Task inputs »
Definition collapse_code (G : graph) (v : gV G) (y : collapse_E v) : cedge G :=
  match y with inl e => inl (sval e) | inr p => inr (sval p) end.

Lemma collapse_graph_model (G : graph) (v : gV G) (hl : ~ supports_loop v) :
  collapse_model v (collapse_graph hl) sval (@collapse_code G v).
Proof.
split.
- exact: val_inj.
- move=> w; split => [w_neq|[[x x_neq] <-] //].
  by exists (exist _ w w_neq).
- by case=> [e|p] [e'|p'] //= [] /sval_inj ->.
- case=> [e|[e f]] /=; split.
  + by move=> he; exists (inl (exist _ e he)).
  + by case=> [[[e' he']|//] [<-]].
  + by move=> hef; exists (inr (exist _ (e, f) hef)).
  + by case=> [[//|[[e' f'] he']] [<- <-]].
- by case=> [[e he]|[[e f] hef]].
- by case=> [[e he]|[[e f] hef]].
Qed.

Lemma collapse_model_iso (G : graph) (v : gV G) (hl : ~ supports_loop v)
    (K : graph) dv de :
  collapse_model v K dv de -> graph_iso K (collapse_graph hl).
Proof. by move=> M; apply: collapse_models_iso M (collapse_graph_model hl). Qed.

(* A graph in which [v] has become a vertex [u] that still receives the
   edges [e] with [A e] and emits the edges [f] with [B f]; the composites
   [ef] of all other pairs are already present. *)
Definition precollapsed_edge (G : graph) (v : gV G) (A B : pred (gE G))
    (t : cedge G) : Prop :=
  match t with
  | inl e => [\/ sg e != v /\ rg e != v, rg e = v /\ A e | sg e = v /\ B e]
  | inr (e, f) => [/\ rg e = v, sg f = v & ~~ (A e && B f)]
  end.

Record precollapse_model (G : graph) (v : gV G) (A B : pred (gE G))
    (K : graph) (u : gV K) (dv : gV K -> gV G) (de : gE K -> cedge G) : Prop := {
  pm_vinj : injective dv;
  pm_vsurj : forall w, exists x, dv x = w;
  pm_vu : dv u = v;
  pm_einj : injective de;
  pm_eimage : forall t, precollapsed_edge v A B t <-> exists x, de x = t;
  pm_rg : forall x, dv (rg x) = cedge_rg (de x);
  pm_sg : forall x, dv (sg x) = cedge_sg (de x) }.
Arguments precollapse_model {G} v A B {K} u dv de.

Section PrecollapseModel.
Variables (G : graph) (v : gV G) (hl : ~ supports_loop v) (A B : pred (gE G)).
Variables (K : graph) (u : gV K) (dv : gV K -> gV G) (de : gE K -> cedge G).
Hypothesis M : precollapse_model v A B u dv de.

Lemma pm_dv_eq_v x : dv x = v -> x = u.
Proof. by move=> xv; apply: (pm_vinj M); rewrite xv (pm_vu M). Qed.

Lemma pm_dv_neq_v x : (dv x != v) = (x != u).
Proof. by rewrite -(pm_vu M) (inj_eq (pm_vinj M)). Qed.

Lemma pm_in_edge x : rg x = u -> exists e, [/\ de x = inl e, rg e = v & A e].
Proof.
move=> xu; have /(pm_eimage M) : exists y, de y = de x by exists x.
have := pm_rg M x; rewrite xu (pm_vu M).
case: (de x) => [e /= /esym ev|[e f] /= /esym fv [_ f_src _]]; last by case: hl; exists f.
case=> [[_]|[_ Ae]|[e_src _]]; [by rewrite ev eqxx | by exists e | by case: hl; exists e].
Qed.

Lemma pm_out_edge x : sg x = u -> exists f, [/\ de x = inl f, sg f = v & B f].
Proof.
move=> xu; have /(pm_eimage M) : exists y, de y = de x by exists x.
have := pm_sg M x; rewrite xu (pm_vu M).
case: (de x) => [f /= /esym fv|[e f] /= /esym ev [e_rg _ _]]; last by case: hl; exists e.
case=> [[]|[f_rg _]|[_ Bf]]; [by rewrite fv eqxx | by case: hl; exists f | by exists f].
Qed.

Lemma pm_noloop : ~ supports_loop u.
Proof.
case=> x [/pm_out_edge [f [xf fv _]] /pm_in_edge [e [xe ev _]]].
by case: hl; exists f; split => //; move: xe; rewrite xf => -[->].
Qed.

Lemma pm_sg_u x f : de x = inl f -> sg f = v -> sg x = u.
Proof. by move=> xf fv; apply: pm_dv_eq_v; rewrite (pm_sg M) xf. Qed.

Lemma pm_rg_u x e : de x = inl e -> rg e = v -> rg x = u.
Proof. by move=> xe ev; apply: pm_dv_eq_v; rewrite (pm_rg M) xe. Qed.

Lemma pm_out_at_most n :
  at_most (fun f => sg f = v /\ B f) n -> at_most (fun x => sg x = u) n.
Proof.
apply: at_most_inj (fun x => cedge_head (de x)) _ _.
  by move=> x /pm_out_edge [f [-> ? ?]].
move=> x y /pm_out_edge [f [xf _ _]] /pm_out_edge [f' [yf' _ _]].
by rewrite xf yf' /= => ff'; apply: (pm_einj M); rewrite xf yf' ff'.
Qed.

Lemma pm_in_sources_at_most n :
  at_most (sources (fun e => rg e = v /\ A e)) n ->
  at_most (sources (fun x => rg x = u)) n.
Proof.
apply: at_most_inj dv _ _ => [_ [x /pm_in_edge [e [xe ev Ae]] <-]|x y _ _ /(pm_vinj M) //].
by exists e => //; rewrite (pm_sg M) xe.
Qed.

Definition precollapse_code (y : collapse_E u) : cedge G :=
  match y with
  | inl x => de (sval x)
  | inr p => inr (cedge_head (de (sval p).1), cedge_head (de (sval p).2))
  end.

* * *

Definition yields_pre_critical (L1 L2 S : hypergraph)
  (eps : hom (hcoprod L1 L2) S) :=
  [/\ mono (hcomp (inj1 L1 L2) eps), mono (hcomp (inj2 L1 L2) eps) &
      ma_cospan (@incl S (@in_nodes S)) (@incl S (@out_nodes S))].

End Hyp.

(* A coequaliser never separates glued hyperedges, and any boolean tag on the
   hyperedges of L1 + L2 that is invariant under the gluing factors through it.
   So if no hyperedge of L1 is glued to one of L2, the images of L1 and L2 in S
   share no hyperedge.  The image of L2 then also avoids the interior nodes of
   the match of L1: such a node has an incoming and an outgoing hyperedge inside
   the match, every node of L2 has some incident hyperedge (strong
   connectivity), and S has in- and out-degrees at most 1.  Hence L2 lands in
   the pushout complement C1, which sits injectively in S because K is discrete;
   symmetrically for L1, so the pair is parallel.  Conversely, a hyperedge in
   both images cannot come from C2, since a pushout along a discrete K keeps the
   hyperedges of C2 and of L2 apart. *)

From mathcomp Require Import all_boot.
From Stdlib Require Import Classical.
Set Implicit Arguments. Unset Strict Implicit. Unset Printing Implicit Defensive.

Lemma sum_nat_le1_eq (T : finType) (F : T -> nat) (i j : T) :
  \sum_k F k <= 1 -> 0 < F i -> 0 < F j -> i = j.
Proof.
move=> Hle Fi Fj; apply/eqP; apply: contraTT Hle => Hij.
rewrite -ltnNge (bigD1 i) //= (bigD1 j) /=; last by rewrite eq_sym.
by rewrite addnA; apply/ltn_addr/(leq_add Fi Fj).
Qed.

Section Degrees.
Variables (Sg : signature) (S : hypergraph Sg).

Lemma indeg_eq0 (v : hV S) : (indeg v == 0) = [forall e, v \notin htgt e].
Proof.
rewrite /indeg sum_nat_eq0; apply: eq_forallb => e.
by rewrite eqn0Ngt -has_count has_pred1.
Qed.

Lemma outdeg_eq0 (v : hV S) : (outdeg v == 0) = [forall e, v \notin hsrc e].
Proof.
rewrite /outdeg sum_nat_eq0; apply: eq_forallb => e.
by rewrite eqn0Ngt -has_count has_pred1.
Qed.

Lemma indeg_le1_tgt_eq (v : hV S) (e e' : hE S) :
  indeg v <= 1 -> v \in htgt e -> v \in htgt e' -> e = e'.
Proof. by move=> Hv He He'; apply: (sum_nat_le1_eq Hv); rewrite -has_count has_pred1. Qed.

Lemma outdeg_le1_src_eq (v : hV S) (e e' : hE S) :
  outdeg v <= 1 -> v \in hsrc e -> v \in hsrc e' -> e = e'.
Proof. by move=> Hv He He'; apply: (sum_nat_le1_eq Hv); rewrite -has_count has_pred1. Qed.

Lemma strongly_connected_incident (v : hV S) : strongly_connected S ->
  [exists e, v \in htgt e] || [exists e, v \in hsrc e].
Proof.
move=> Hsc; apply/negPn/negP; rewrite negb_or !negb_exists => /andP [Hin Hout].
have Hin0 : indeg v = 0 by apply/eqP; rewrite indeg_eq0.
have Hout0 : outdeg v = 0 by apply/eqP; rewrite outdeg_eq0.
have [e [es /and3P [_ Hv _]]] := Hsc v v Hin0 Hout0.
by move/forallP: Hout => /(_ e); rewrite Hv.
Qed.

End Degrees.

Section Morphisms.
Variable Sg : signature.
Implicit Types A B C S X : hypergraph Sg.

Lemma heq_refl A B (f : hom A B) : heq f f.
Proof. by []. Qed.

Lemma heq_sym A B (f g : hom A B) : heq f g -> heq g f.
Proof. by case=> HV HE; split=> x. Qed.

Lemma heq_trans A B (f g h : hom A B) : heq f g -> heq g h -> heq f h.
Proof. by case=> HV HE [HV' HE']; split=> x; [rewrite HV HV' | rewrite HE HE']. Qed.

Task objective » Quote the listing above, but only from the line that shows "hyperedges of L1" through the line that shows "share no hyperedge.".

Task response »
   hyperedges of L1 + L2 that is invariant under the gluing factors through it.
   So if no hyperedge of L1 is glued to one of L2, the images of L1 and L2 in S
   share no hyperedge.  The image of L2 then also avoids the interior nodes of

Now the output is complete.